For each line below, check for the word "dotNl", then state how many lines contain it, with no other output.
Segment Open
Lemma householder_swap v e :
  dot e e = dot v v -> dot v e != dot v v -> householder (v - e) *m v = e.
Proof.
move=> ee_vv ve_neq; rewrite householderE.
have -> : dot (v - e) (v - e) = 2 * (dot v v - dot v e).
  by rewrite !(dotDl, dotDr, dotNl, dotNr) opprK ee_vv (dotC e v); ring.
have -> : dot (v - e) v = dot v v - dot v e by rewrite dotDl dotNl (dotC e).
rewrite mulrAC -mulf_div divff ?mulr1 ?divff ?pnatr_eq0 //.
  by rewrite scale1r opprB addrC subrK.
by rewrite subr_eq0 eq_sym.
Qed.

End Householder.

Section Reflections.
Context {R : realType}.

Lemma continuous_householder {T : topologicalType} {N} {u : T -> 'cV[R]_N} {t} :
  dot (u t) (u t) != 0 -> {for t, continuous u} ->
  {for t, continuous (fun s => householder (u s))}.
Proof.
move=> uu0 cu.
have cuT := continuous_trmx cu.
have cuu := continuous_entry ord0 ord0 (continuous_mulmx cuT cu).
have cP : {for t, continuous (fun s => u s *m (u s)^T)} := continuous_mulmx cu cuT.
apply: cvgB; first exact: cvg_cst.
by apply: cvgZ cP; apply: cvgM; [exact: cvg_cst | exact: cvgV].
Qed.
Segment Closed
→ **Solution**:
2